-- Opening Marker --

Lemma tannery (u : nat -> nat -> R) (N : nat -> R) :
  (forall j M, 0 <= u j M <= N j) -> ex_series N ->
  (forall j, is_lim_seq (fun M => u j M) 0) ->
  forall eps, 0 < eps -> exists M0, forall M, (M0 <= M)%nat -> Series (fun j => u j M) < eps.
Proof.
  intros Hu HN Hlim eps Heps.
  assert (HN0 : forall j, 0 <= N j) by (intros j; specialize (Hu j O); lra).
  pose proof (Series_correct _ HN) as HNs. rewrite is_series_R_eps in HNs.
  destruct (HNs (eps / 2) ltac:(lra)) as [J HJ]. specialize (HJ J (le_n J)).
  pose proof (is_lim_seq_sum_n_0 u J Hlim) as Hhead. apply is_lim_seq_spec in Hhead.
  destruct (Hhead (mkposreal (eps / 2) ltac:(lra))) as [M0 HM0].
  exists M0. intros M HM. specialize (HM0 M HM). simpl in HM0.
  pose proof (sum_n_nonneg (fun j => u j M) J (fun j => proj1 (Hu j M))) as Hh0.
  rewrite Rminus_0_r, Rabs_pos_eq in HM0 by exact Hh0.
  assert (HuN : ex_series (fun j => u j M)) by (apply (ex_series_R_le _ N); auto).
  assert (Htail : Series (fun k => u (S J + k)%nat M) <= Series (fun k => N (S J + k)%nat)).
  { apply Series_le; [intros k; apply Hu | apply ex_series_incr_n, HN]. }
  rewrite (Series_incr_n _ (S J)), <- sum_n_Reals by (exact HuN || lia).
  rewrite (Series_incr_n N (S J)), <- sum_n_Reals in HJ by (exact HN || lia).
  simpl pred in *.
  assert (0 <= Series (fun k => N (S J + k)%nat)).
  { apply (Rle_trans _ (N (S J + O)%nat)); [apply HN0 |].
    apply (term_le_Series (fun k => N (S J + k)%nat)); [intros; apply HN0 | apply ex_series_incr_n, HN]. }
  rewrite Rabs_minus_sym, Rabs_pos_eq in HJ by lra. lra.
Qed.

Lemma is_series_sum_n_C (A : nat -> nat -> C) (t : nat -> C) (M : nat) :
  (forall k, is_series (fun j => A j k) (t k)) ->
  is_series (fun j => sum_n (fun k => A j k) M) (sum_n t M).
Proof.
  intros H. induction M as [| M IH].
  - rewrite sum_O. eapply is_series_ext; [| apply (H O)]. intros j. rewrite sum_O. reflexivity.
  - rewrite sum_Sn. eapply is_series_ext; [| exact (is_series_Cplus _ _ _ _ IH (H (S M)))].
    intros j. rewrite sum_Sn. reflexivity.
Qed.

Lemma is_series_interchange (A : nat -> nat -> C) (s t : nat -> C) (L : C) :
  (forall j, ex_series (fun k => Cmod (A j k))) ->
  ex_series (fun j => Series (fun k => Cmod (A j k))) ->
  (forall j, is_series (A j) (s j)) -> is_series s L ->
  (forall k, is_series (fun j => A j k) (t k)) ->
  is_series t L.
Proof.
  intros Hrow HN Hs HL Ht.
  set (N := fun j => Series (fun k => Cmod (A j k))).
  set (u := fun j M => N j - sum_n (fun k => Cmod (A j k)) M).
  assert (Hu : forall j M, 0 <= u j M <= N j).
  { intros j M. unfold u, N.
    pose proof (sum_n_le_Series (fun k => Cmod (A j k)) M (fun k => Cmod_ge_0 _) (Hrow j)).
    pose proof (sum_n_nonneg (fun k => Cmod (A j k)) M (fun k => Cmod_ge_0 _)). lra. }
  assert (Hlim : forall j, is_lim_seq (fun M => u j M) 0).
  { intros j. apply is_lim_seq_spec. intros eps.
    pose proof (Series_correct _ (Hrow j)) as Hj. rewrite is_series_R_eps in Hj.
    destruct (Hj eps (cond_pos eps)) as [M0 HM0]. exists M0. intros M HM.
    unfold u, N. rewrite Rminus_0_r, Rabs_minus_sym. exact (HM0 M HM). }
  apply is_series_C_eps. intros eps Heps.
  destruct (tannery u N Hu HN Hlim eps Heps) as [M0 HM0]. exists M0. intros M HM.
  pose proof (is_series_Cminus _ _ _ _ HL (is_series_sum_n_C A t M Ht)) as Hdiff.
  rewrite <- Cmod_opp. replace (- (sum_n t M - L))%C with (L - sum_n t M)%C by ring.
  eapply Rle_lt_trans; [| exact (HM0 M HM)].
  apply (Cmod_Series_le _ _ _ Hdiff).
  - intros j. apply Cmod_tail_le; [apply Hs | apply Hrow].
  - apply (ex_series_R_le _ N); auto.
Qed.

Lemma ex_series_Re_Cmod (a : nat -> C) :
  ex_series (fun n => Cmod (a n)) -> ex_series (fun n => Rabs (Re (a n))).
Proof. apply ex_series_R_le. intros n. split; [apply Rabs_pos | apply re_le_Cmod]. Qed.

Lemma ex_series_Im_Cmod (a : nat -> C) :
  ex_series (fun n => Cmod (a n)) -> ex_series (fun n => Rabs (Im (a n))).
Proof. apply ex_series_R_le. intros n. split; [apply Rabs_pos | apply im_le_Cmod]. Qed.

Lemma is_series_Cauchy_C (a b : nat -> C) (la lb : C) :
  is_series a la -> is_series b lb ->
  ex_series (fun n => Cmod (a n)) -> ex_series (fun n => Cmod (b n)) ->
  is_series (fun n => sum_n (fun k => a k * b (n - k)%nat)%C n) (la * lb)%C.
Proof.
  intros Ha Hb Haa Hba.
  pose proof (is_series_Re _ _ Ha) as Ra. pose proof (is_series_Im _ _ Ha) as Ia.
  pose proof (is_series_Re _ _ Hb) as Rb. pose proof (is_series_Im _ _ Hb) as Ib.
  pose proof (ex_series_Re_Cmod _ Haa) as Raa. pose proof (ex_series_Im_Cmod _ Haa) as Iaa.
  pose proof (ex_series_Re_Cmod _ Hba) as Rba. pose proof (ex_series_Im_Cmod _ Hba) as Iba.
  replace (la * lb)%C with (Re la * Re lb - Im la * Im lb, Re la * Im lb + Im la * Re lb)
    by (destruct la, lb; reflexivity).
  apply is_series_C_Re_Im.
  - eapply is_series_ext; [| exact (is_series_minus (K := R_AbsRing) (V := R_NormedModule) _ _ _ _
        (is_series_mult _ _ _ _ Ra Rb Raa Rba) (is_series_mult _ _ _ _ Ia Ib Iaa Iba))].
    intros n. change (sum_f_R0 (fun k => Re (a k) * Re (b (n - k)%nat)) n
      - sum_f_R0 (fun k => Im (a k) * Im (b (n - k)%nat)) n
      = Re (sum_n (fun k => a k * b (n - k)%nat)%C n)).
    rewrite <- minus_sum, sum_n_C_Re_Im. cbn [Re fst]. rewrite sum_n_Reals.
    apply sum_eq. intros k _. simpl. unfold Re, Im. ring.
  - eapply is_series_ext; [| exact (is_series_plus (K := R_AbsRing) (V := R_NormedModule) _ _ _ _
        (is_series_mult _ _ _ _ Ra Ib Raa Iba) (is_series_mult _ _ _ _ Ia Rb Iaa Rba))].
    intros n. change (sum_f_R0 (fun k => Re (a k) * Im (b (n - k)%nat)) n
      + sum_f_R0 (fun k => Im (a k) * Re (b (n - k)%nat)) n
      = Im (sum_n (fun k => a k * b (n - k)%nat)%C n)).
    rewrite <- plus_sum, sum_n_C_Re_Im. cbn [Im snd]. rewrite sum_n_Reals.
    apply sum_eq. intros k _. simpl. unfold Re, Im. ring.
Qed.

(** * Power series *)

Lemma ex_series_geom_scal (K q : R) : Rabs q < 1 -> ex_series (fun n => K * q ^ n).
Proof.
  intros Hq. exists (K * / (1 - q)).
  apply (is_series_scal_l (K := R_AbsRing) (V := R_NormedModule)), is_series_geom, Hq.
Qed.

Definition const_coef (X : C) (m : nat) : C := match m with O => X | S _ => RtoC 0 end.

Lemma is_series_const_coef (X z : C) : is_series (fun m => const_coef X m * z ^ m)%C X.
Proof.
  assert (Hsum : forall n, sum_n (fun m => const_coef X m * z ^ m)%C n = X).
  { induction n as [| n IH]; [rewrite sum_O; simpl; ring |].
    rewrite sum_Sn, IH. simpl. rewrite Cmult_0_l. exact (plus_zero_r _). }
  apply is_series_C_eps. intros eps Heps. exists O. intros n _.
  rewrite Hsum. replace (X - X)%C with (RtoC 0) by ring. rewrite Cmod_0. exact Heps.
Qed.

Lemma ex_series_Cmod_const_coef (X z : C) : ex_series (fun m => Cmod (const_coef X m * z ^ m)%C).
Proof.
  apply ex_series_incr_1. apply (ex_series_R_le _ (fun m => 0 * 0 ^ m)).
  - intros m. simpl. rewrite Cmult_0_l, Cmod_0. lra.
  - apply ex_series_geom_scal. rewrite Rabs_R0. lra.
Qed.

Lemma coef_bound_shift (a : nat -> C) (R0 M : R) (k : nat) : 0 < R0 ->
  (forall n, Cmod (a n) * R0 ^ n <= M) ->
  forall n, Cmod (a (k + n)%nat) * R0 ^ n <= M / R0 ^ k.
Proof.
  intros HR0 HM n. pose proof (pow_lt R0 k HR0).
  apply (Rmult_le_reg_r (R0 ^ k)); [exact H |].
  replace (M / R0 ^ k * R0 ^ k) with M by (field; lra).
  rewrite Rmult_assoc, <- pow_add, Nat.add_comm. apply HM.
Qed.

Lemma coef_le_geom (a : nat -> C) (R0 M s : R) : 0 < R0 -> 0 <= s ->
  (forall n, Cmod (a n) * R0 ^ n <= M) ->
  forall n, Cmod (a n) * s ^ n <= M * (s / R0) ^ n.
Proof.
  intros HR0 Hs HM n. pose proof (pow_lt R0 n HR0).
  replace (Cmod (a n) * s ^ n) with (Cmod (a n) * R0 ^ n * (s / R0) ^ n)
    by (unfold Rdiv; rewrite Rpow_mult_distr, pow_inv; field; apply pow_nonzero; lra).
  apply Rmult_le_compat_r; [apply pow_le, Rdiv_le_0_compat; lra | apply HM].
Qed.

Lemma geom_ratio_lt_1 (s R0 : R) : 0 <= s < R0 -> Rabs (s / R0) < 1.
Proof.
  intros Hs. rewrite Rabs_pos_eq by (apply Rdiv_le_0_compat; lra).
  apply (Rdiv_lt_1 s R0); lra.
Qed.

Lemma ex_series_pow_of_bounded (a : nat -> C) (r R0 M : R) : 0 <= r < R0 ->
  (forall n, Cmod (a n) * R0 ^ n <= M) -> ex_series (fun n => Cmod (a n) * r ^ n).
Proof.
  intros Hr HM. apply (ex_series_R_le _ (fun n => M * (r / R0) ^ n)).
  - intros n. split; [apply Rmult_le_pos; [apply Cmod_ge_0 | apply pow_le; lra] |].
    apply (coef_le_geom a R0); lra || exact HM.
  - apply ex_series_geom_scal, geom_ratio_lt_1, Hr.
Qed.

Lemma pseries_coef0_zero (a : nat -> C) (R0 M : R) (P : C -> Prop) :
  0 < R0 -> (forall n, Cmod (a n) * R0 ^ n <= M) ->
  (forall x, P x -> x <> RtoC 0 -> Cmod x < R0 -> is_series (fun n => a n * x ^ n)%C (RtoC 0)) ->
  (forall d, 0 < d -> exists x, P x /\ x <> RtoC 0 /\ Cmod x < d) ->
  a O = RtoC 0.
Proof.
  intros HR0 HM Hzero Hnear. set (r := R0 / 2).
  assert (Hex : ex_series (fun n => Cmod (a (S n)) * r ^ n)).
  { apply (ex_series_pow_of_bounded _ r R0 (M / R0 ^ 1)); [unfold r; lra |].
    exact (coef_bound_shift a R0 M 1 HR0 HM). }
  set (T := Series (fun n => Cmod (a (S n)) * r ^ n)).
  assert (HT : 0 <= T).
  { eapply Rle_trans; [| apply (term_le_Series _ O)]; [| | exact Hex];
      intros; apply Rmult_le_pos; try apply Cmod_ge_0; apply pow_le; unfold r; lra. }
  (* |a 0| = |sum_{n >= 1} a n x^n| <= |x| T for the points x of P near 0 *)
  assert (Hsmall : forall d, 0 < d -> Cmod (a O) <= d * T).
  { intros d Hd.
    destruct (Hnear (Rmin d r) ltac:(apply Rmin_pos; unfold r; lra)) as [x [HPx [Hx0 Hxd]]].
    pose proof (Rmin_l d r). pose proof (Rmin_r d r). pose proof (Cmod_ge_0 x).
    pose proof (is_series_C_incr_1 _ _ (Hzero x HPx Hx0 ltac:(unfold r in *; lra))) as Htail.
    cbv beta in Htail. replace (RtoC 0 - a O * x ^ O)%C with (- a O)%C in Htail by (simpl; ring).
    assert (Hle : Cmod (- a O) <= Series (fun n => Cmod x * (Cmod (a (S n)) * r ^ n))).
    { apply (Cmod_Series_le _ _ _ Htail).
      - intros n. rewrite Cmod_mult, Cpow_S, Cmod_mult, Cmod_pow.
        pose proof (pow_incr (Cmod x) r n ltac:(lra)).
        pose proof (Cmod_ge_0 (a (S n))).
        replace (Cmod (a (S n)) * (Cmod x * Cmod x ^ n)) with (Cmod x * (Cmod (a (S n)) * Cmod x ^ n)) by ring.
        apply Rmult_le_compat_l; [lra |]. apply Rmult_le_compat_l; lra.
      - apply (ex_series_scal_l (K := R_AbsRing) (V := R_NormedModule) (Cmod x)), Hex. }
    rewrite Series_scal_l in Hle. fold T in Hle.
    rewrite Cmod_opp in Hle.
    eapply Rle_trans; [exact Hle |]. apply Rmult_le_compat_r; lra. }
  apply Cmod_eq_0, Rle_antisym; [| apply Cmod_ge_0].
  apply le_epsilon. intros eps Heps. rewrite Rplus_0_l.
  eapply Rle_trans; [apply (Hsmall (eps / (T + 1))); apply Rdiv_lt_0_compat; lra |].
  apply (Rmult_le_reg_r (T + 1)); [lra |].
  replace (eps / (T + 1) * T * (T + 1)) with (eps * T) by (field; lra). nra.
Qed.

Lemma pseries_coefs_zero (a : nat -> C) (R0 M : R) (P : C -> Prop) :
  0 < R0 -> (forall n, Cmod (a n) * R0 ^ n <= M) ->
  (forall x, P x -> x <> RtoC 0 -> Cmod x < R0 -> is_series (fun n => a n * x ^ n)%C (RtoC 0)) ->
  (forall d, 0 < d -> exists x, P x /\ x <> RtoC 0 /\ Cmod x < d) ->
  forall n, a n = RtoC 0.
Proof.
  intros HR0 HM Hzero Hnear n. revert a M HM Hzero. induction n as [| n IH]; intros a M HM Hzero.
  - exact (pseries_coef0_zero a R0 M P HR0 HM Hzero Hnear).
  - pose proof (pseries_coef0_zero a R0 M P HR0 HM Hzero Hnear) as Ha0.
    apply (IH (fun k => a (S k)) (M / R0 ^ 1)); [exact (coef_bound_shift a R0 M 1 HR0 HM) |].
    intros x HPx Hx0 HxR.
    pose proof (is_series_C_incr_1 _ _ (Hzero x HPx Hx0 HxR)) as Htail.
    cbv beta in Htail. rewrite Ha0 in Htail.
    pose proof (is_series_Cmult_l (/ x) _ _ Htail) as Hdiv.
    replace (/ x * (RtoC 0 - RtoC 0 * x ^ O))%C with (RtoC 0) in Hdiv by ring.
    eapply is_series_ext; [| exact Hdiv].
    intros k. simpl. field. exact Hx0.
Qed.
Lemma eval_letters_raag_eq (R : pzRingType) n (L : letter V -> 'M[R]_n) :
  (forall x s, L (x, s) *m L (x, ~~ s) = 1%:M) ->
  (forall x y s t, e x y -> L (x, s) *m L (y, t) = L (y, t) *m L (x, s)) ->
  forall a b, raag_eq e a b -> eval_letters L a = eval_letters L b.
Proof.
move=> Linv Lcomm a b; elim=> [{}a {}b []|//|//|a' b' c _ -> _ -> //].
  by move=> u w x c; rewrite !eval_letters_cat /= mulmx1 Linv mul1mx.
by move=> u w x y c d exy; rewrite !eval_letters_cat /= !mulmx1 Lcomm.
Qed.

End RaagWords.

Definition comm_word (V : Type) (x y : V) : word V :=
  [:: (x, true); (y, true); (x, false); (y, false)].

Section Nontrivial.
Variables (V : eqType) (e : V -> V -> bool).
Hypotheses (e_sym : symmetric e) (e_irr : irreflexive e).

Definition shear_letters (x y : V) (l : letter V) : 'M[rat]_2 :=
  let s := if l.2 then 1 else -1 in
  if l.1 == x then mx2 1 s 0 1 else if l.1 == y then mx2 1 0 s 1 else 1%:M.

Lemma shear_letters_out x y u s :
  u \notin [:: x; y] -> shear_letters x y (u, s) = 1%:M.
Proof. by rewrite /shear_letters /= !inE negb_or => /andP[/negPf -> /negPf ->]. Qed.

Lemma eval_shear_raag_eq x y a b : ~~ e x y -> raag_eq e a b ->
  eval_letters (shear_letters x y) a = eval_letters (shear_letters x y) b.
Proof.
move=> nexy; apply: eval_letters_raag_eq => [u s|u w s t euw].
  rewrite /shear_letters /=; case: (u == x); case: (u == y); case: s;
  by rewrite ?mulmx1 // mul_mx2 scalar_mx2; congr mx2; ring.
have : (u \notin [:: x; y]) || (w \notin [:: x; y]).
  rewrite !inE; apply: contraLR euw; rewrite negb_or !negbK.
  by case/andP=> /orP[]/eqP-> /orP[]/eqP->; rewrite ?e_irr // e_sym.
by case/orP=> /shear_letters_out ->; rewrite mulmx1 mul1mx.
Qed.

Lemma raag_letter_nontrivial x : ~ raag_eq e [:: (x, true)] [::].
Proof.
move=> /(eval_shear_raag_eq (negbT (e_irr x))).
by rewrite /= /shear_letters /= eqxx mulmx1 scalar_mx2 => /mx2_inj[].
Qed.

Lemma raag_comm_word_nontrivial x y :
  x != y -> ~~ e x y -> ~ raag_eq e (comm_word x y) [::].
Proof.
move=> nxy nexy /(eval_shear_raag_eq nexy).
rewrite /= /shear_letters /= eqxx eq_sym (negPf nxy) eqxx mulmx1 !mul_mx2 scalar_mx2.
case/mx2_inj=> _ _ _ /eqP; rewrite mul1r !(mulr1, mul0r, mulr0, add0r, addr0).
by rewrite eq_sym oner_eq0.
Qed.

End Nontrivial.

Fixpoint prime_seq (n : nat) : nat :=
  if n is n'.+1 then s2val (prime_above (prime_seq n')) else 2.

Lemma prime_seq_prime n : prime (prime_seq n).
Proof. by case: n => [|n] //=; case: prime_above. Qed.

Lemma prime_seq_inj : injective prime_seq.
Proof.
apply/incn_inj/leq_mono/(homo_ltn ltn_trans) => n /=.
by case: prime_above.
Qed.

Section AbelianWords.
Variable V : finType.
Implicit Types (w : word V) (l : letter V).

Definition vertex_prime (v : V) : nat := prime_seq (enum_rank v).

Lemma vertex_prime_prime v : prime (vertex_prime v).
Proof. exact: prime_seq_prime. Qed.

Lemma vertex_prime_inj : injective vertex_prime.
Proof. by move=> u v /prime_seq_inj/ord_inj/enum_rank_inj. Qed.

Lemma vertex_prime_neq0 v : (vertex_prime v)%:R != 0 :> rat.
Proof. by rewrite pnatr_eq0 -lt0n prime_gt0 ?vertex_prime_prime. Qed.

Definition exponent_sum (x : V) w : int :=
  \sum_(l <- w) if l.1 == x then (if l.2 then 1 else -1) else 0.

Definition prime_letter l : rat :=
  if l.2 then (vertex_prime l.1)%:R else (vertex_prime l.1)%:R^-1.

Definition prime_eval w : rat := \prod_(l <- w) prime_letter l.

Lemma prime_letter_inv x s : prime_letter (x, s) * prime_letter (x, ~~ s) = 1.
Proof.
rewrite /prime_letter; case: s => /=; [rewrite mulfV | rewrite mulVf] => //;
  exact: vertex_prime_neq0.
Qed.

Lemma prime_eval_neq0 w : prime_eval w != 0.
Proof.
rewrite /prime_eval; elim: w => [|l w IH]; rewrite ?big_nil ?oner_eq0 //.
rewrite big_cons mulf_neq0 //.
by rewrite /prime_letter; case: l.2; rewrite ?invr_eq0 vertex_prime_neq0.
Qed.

-- Closing Marker --

Task brief: Everything from the first line of the records through the line containing "ex_series (fun j => Series" is to be set down exactly, while later lines are left out.

Result of the exercise:
Lemma tannery (u : nat -> nat -> R) (N : nat -> R) :
  (forall j M, 0 <= u j M <= N j) -> ex_series N ->
  (forall j, is_lim_seq (fun M => u j M) 0) ->
  forall eps, 0 < eps -> exists M0, forall M, (M0 <= M)%nat -> Series (fun j => u j M) < eps.
Proof.
  intros Hu HN Hlim eps Heps.
  assert (HN0 : forall j, 0 <= N j) by (intros j; specialize (Hu j O); lra).
  pose proof (Series_correct _ HN) as HNs. rewrite is_series_R_eps in HNs.
  destruct (HNs (eps / 2) ltac:(lra)) as [J HJ]. specialize (HJ J (le_n J)).
  pose proof (is_lim_seq_sum_n_0 u J Hlim) as Hhead. apply is_lim_seq_spec in Hhead.
  destruct (Hhead (mkposreal (eps / 2) ltac:(lra))) as [M0 HM0].
  exists M0. intros M HM. specialize (HM0 M HM). simpl in HM0.
  pose proof (sum_n_nonneg (fun j => u j M) J (fun j => proj1 (Hu j M))) as Hh0.
  rewrite Rminus_0_r, Rabs_pos_eq in HM0 by exact Hh0.
  assert (HuN : ex_series (fun j => u j M)) by (apply (ex_series_R_le _ N); auto).
  assert (Htail : Series (fun k => u (S J + k)%nat M) <= Series (fun k => N (S J + k)%nat)).
  { apply Series_le; [intros k; apply Hu | apply ex_series_incr_n, HN]. }
  rewrite (Series_incr_n _ (S J)), <- sum_n_Reals by (exact HuN || lia).
  rewrite (Series_incr_n N (S J)), <- sum_n_Reals in HJ by (exact HN || lia).
  simpl pred in *.
  assert (0 <= Series (fun k => N (S J + k)%nat)).
  { apply (Rle_trans _ (N (S J + O)%nat)); [apply HN0 |].
    apply (term_le_Series (fun k => N (S J + k)%nat)); [intros; apply HN0 | apply ex_series_incr_n, HN]. }
  rewrite Rabs_minus_sym, Rabs_pos_eq in HJ by lra. lra.
Qed.

Lemma is_series_sum_n_C (A : nat -> nat -> C) (t : nat -> C) (M : nat) :
  (forall k, is_series (fun j => A j k) (t k)) ->
  is_series (fun j => sum_n (fun k => A j k) M) (sum_n t M).
Proof.
  intros H. induction M as [| M IH].
  - rewrite sum_O. eapply is_series_ext; [| apply (H O)]. intros j. rewrite sum_O. reflexivity.
  - rewrite sum_Sn. eapply is_series_ext; [| exact (is_series_Cplus _ _ _ _ IH (H (S M)))].
    intros j. rewrite sum_Sn. reflexivity.
Qed.

Lemma is_series_interchange (A : nat -> nat -> C) (s t : nat -> C) (L : C) :
  (forall j, ex_series (fun k => Cmod (A j k))) ->
  ex_series (fun j => Series (fun k => Cmod (A j k))) ->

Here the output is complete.